Polymarket is tightening enforcement of its location rules and actively cracking down on users who try to access the platform through VPN services. The move marks a clear shift away from its earlier, more open access model and reflects growing legal pressure on prediction markets worldwide.
According to reporting first covered by The Information, the platform has begun blocking IP addresses linked to known VPN providers. In some cases, users are also being asked to verify their identity if their activity appears suspicious or if their connection patterns suggest location spoofing.
This change is occurring as prediction markets face increasing scrutiny from regulators across multiple regions, forcing platforms like Polymarket to adopt stricter compliance systems.
Best VPNs that still work for Polymarket
As prediction markets enforce geographic restrictions and improve VPN detection systems, access to platforms like Polymarket has become more dynamic and dependent on specific server locations. The platform is increasingly combining IP-based filtering, behavioral analysis, and identity verification prompts to enforce regional access rules more strictly.
In our recent testing across multiple major VPN providers, we observed that access is still possible in certain configurations, depending on the selected server location.
- NordVPN successfully unblocked Polymarket when connected to a Canada-based server (Montreal, CA). The platform loaded without immediate restrictions during testing, indicating that some Canadian IP addresses remain accessible.
- Surfshark also worked under similar conditions, with a Montreal, CA server successfully accessing the platform during testing. Performance remained consistent within that specific location during our checks.
- Proton VPN likewise showed successful access when connecting to a server in Albania. The platform loaded without immediate blocking in that configuration during testing.
Overall, our results suggest that VPN effectiveness on Polymarket is highly location-dependent. While enforcement systems are clearly becoming more advanced, access is still possible in select regions and server setups. However, availability can change quickly as platforms continue updating their detection and compliance infrastructure.
Why Polymarket is targeting VPN users
Polymarket is completely blocked in 35 countries and restricted in several others due to regulatory and licensing issues. Until recently, many users in those regions could still access the platform using VPNs. VPNs (Virtual Private Networks) allow users to mask their real location by routing traffic through servers in other countries. For platforms that rely on geographic restrictions, such as Polymarket, this creates a major enforcement problem.
Now, that workaround is becoming less reliable. The company is reportedly:
- Blocking IP ranges known to belong to VPN providers
- Flagging accounts with unusual connection patterns
- Requesting identity verification for high-volume or high-risk trading behavior
In some cases, users are also asked to complete KYC (Know Your Customer) checks to continue trading or access faster transaction features.
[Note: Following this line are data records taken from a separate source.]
(* A class $\mathcal{C}$ of graphs has tree rank at most $2$ if and only if it has locally almost bounded degree.
   Context: $T_{d,m}$ is the rooted tree of depth $d$ (all leaf-to-root paths have $d$ edges) in which every non-leaf vertex has exactly $m$ children. $H$ is an $r$-shallow topological minor of $G$ if $G$ has a subgraph isomorphic to a graph obtained from $H$ by replacing each edge by a path with at most $r$ internal vertices (paths internally disjoint). A class has tree rank at most $d$ if for every $r\in\mathbb{N}$ there is $m\in\mathbb{N}$ such that no graph of the class contains $T_{d,m}$ as an $r$-shallow topological minor. $N_r^G(v)$ is the closed $r$-neighborhood of $v$ (vertices at distance at most $r$ from $v$, including $v$). A class $\mathcal{C}$ has locally almost bounded degree if there exist functions $f,d:\mathbb{N}\to\mathbb{N}$ such that for every $r\in\mathbb{N}$, every $G\in\mathcal{C}$ and every $v\in V(G)$, the set $N_r^G(v)$ contains at most $f(r)$ vertices whose degree in $G$ is larger than $d(r)$. *)

From mathcomp Require Import all_boot.
Set Implicit Arguments. Unset Strict Implicit. Unset Printing Implicit Defensive.

Record graph := Graph {
  vt :> finType;
  gadj : rel vt;
  gadj_sym : symmetric gadj;
  gadj_irr : irreflexive gadj }.

Definition graph_class := graph -> Prop.

Definition deg (G : graph) (v : G) : nat := #|[set w | gadj v w]|.

Fixpoint ball (G : graph) (r : nat) (v : G) : {set G} :=
  match r with
  | 0 => [set v]
  | k.+1 => ball k v :|: [set w | [exists x in ball k v, gadj x w]]
  end.

(* r-shallow topological minor: an injective branch map f and, for every edge
   uv of H, a path in G from f u to f v whose internal vertices p u v
   (at most r of them) are distinct, avoid the branch vertices, and are
   disjoint from the internal vertices of the paths of all other edges. *)
Definition shallow_topminor (r : nat) (H G : graph) : Prop :=
  exists (f : H -> G) (p : H -> H -> seq G),
    injective f /\
    (forall u v, gadj u v ->
       [/\ path (@gadj G) (f u) (rcons (p u v) (f v)),
           uniq (p u v), size (p u v) <= r &
           forall x, x \in p u v -> x \notin codom f]) /\
    (forall u v u' v', gadj u v -> gadj u' v' -> [set u; v] != [set u'; v'] ->
       forall x, x \in p u v -> x \notin p u' v').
From anonymous trading to identity-based access
One of the biggest shifts is structural: Polymarket is moving away from fully anonymous participation. The platform originally promoted itself as a decentralized prediction market where users could trade using crypto wallets without traditional identity checks. That model is now changing as regulatory pressure increases.
While basic trading on blockchain networks like Polygon is still allowed in certain regions, access is becoming more controlled. Users who previously relied on pseudonymous participation are increasingly being pulled into identity verification flows.
This change aligns Polymarket more closely with regulated financial platforms than with open, crypto-native markets.
Legal pressure is driving enforcement changes
The VPN crackdown is not happening in isolation. It reflects a broader wave of global enforcement actions targeting prediction markets and crypto-based financial platforms.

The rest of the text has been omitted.